→ **PROBLEM TO SOLVE**
Among the lines below, a stretch begins at the one with "Proof. by move=> h;" and ends at the one with "End LongestCommonPrefix.". Repeat that stretch exactly, ends included.

→ **INFORMATION PROVIDED**
(* Let $X$ be a shift space over $\mathcal{A}$ and let $\sigma:\mathcal{A}^*\to\mathcal{A}^*$ be a return morphism that is planar preserving from $(\preceq^L,\preceq^R)$ to $(\le^L,\le^R)$. A word $v\in\mathcal{L}(X)$ is planar for $(\preceq^L,\preceq^R)$ in $X$ if and only if every extended image of $v$ under $\sigma$ is planar for $(\le^L,\le^R)$ in $\sigma\cdot X$.
   Context: Shift spaces over $\mathcal{A}$: nonempty closed shift-invariant $X\subseteq\mathcal{A}^{\mathbb{Z}}$ with language $\mathcal{L}(X)$ containing all letters; $E_X(v)=\{(a,b):avb\in\mathcal{L}(X)\}$. Morphisms are non-erasing; $\sigma\cdot X=\{S^k\sigma(x):x\in X,0\le k<|\sigma(x_0)|\}$. A return morphism for $w\in\mathcal{A}^+$ is an injective morphism with $\sigma(a)w$ containing exactly two occurrences of $w$, as proper prefix and proper suffix, for each letter $a$ ($w$ of maximal length if unspecified). $\mathcal{A}^L_{\sigma,s}=\{a:\sigma(a)\in\mathcal{A}^+s\}$, $\mathcal{A}^R_{\sigma,p}=\{a:\sigma(a)w\in p\mathcal{A}^+\}$; $\varphi^L_{\sigma,s}(a)$ is the letter $a'$ with $\sigma(a)\in\mathcal{A}^*a's$, $\varphi^R_{\sigma,p}(b)$ the letter $b'$ with $\sigma(b)w\in pb'\mathcal{A}^*$; $\mathcal{T}^L(\sigma)$, $\mathcal{T}^R(\sigma)$ are the sets of longest common suffixes of $\sigma(a),\sigma(b)$ and longest common prefixes of $\sigma(a)w,\sigma(b)w$, over $a\ne b$. For $v\in\mathcal{L}(X)$ and $s,p$ let $E_{X,s,p}(v)=E_X(v)\cap(\mathcal{A}^L_{\sigma,s}\times\mathcal{A}^R_{\sigma,p})$. A word $u\in\mathcal{L}(\sigma\cdot X)$ is an extended image of $v$ under $\sigma$ if $u=s\sigma(v)p$ with $s\in\mathcal{A}^*$, $p\in w\mathcal{A}^*$ and $E_{X,s,p}(v)\ne\emptyset$. For total orders $\le^L,\le^R$, a word $u$ of a shift $Y$ is planar for $(\le^L,\le^R)$ if for all $(a_1,b_1),(a_2,b_2)\in E_Y(u)$, $a_1<^La_2$ implies $b_1\le^Rb_2$. A partial map $\varphi$ is order preserving from $\preceq$ to $\le$ if $x\prec y$ implies $\varphi(x)\le\varphi(y)$ on its domain; $\sigma$ is planar preserving from $(\preceq^L,\preceq^R)$ to $(\le^L,\le^R)$ if every $\varphi^L_{\sigma,s}$ ($s\in\mathcal{T}^L(\sigma)$) is order preserving from $\preceq^L$ to $\le^L$ and every $\varphi^R_{\sigma,p}$ ($p\in\mathcal{T}^R(\sigma)$) is order preserving from $\preceq^R$ to $\le^R$. *)

From HB Require Import structures.
From mathcomp Require Import all_boot all_order all_algebra.
Set Implicit Arguments. Unset Strict Implicit. Unset Printing Implicit Defensive.
Import GRing.Theory Num.Theory.

Definition win {A : Type} (x : int -> A) (i : int) (n : nat) : seq A :=
  [seq x (i + (j%:Z))%R | j <- iota 0 n].

Definition shiftZ {A : Type} (x : int -> A) : int -> A := fun i => x (i + 1)%R.

Definition lang {A : Type} (X : (int -> A) -> Prop) (w : seq A) : Prop :=
  exists x, X x /\ exists i, win x i (size w) = w.

(* nonempty, shift invariant (S X = X), closed in the product topology,
   and every letter occurs *)
Definition is_shift_space (A : finType) (X : (int -> A) -> Prop) : Prop :=
  [/\ (exists x, X x),
      (forall x, X (shiftZ x) <-> X x),
      (forall x, (forall n : nat, exists y, X y /\
            win y (- (n%:Z))%R (2 * n).+1 = win x (- (n%:Z))%R (2 * n).+1) -> X x)
    & (forall a : A, lang X [:: a])].

Definition ext {A : Type} (X : (int -> A) -> Prop) (v : seq A) (a b : A) : Prop :=
  lang X (a :: v ++ [:: b]).

Definition mword {A : Type} (sigma : A -> seq A) (u : seq A) : seq A :=
  flatten (map sigma u).

Definition non_erasing {A : Type} (sigma : A -> seq A) : Prop :=
  forall a, sigma a <> [::].

Definition occurrences {A : eqType} (w u : seq A) : nat :=
  count (fun i => take (size w) (drop i u) == w) (iota 0 (size u).+1).

Definition is_return_morphism {A : eqType} (sigma : A -> seq A) (w : seq A) : Prop :=
  [/\ w != [::], non_erasing sigma, injective (mword sigma)
    & forall a, [/\ occurrences w (sigma a ++ w) = 2%N,
                    prefix w (sigma a ++ w), suffix w (sigma a ++ w)
                  & size w < size (sigma a ++ w)]].

Definition AL {A : Type} (sigma : A -> seq A) (s : seq A) (a : A) : Prop :=
  exists u, u <> [::] /\ sigma a = u ++ s.
Definition AR {A : Type} (sigma : A -> seq A) (w p : seq A) (a : A) : Prop :=
  exists u, u <> [::] /\ sigma a ++ w = p ++ u.

(* phi^L_{sigma,s}(a): the letter a' with sigma(a) in A^* a' s (meaningful on AL) *)
Definition phiL {A : Type} (sigma : A -> seq A) (s : seq A) (a : A) : A :=
  nth a (sigma a) (size (sigma a) - size s).-1.
(* phi^R_{sigma,p}(b): the letter b' with sigma(b) w in p b' A^* (meaningful on AR) *)
Definition phiR {A : Type} (sigma : A -> seq A) (w p : seq A) (b : A) : A :=
  nth b (sigma b ++ w) (size p).

Fixpoint lcp {A : eqType} (s t : seq A) : seq A :=
  match s, t with
  | x :: s', y :: t' => if x == y then x :: lcp s' t' else [::]
  | _, _ => [::]
  end.
Definition lcs {A : eqType} (s t : seq A) : seq A := rev (lcp (rev s) (rev t)).

Definition TL {A : eqType} (sigma : A -> seq A) (s : seq A) : Prop :=
  exists a b, a != b /\ s = lcs (sigma a) (sigma b).
Definition TR {A : eqType} (sigma : A -> seq A) (w p : seq A) : Prop :=
  exists a b, a != b /\ p = lcp (sigma a ++ w) (sigma b ++ w).

Definition total_order {A : Type} (r : rel A) : Prop :=
  [/\ reflexive r, antisymmetric r, transitive r & total r].

Definition order_preserving_on {A : eqType} (dom : A -> Prop) (f : A -> A)
  (pre le : rel A) : Prop :=
  forall x y, dom x -> dom y -> pre x y -> x != y -> le (f x) (f y).

Definition planar_preserving {A : eqType} (sigma : A -> seq A) (w : seq A)
  (preL preR leL leR : rel A) : Prop :=
  (forall s, TL sigma s -> order_preserving_on (AL sigma s) (phiL sigma s) preL leL) /\
  (forall p, TR sigma w p -> order_preserving_on (AR sigma w p) (phiR sigma w p) preR leR).

Definition planar {A : eqType} (Y : (int -> A) -> Prop) (leL leR : rel A) (u : seq A)
  : Prop :=
  forall a1 b1 a2 b2, ext Y u a1 b1 -> ext Y u a2 b2 ->
    leL a1 a2 -> a1 != a2 -> leR b1 b2.

(* sigma . X = { S^k sigma(x) : x in X, 0 <= k < |sigma(x_0)| }, where sigma(x) has
   sigma(x_0) starting at position 0.  y = S^k sigma(x) is described by its windows:
   sigma(x_{-m} ... x_m) sits in y starting at position -(k + |sigma(x_{-m}...x_{-1})|). *)
Definition sigma_dot {A : Type} (sigma : A -> seq A) (X : (int -> A) -> Prop)
  : (int -> A) -> Prop :=
  fun y => exists x, X x /\ exists k : nat, k < size (sigma (x 0%R)) /\
    forall m : nat,
      let pre := mword sigma (win x (- (m%:Z))%R m) in
      let full := mword sigma (win x (- (m%:Z))%R (2 * m).+1) in
      win y (- ((k + size pre)%:Z))%R (size full) = full.

Definition ext_image {A : eqType} (sigma : A -> seq A) (w : seq A)
  (X : (int -> A) -> Prop) (v u : seq A) : Prop :=
  exists s p, (exists q, p = w ++ q) /\ u = s ++ mword sigma v ++ p /\
    (exists a b, ext X v a b /\ AL sigma s a /\ AR sigma w p b) /\
    lang (sigma_dot sigma X) u.

From mathcomp Require Import all_boot all_order all_algebra zify.
Set Implicit Arguments. Unset Strict Implicit. Unset Printing Implicit Defensive.

(* A return morphism is recognizable: [w] occurs in [sigma(a) w] only as a prefix
   and a suffix, so every occurrence of [w] in [sigma(Z) w] sits at a cut between
   images of letters, and the images of letters form a suffix code.  Hence the
   extensions (c, d) in [sigma . X] of an extended image [s sigma(v) p] are exactly
   the letters with [c s] a suffix of [sigma(a)] and [p d] a prefix of [sigma(b) w]
   for some (a, b) in E_X(v), i.e. c = phi^L_s(a) and d = phi^R_p(b).  Planarity is
   transported by the order preserving maps phi^L_s, phi^R_p; conversely, two
   extensions (a1, b1), (a2, b2) of [v] violating planarity produce, with [s] and
   [p] the longest common suffix of [sigma a1], [sigma a2] and longest common
   prefix of [sigma b1 w], [sigma b2 w], an extended image that is not planar. *)

Lemma cat_split (T : Type) (s1 s2 t1 t2 : seq T) :
  s1 ++ s2 = t1 ++ t2 -> size s1 <= size t1 ->
  exists m, t1 = s1 ++ m /\ s2 = m ++ t2.
Proof.
elim: s1 t1 => [|x s1 IH] t1 /=; first by move=> -> _; exists t1.
case: t1 => [|y t1] //= [-> E] h.
by have [m [-> ->]] := IH _ E h; exists m.
Qed.

Lemma catl_inj (T : Type) (s t1 t2 : seq T) : s ++ t1 = s ++ t2 -> t1 = t2.
Proof. by elim: s => //= x s IH [] /IH. Qed.

Lemma catr_inj (T : Type) (s t1 t2 : seq T) : t1 ++ s = t2 ++ s -> t1 = t2.
Proof. by move=> /(congr1 rev); rewrite !rev_cat => /catl_inj /(congr1 rev); rewrite !revK. Qed.

Section LongestCommonPrefix.
Variable T : eqType.

Lemma lcp_catl (l x y : seq T) : lcp (l ++ x) (l ++ y) = l ++ lcp x y.
Proof. by elim: l => //= z l ->; rewrite eqxx. Qed.

Lemma lcp_cons_neq (p x y : seq T) c1 c2 :
  c1 != c2 -> lcp (p ++ c1 :: x) (p ++ c2 :: y) = p.
Proof. by move=> h; rewrite lcp_catl /= (negbTE h) cats0. Qed.

Lemma lcs_rcons_neq (g1 g2 s : seq T) c1 c2 :
  c1 != c2 -> lcs (g1 ++ c1 :: s) (g2 ++ c2 :: s) = s.
Proof.
by move=> h; rewrite /lcs !rev_cat !rev_cons !cat_rcons lcp_cons_neq // revK.
Qed.

Lemma lcp_split (x y : seq T) : exists x' y',
  [/\ x = lcp x y ++ x', y = lcp x y ++ y' &
      [\/ x' = [::], y' = [::] |
          exists c1 c2 x'' y'', [/\ c1 != c2, x' = c1 :: x'' & y' = c2 :: y'']]].
Proof.
elim: x y => [|a x IH] [|b y] /=.
- by exists [::], [::]; split => //; apply: Or31.
- by exists [::], (b :: y); split => //; apply: Or31.
- by exists (a :: x), [::]; split => //; apply: Or32.
case: eqVneq => [<-|hab].
  by have [x' [y' [E1 E2 H]]] := IH y; exists x', y'; rewrite /= -E1 -E2.
by exists (a :: x), (b :: y); split => //; apply: Or33; exists a, b, x, y.
Qed.

End LongestCommonPrefix.

Lemma size_win (T : Type) (x : int -> T) i n : size (win x i n) = n.
Proof. by rewrite /win size_map size_iota. Qed.

Lemma win_cat (T : Type) (x : int -> T) i n1 n2 :
  win x i (n1 + n2) = win x i n1 ++ win x (i + n1%:Z)%R n2.
Proof.
rewrite /win iotaD map_cat; congr (_ ++ _).
rewrite add0n -{1}[n1]addn0 iotaDl -map_comp; apply: eq_map => j /=.
by congr x; rewrite PoszD GRing.addrA.
Qed.

Lemma win_factor (T : Type) (y : int -> T) (b i : int) (N n : nat) :
  (b <= i)%R -> (i + n%:Z <= b + N%:Z)%R ->
  exists L R, win y b N = L ++ win y i n ++ R.
Proof.
move=> h1 h2; set d := absz (i - b)%R.
have -> : N = d + (n + (N - d - n)) by rewrite /d; lia.
rewrite !win_cat; have -> : (b + d%:Z = i)%R by rewrite /d; lia.
by eexists; eexists.
Qed.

→ **PROBLEM SOLUTION**
Proof. by move=> h; rewrite lcp_catl /= (negbTE h) cats0. Qed.

Lemma lcs_rcons_neq (g1 g2 s : seq T) c1 c2 :
  c1 != c2 -> lcs (g1 ++ c1 :: s) (g2 ++ c2 :: s) = s.
Proof.
by move=> h; rewrite /lcs !rev_cat !rev_cons !cat_rcons lcp_cons_neq // revK.
Qed.

Lemma lcp_split (x y : seq T) : exists x' y',
  [/\ x = lcp x y ++ x', y = lcp x y ++ y' &
      [\/ x' = [::], y' = [::] |
          exists c1 c2 x'' y'', [/\ c1 != c2, x' = c1 :: x'' & y' = c2 :: y'']]].
Proof.
elim: x y => [|a x IH] [|b y] /=.
- by exists [::], [::]; split => //; apply: Or31.
- by exists [::], (b :: y); split => //; apply: Or31.
- by exists (a :: x), [::]; split => //; apply: Or32.
case: eqVneq => [<-|hab].
  by have [x' [y' [E1 E2 H]]] := IH y; exists x', y'; rewrite /= -E1 -E2.
by exists (a :: x), (b :: y); split => //; apply: Or33; exists a, b, x, y.
Qed.

End LongestCommonPrefix.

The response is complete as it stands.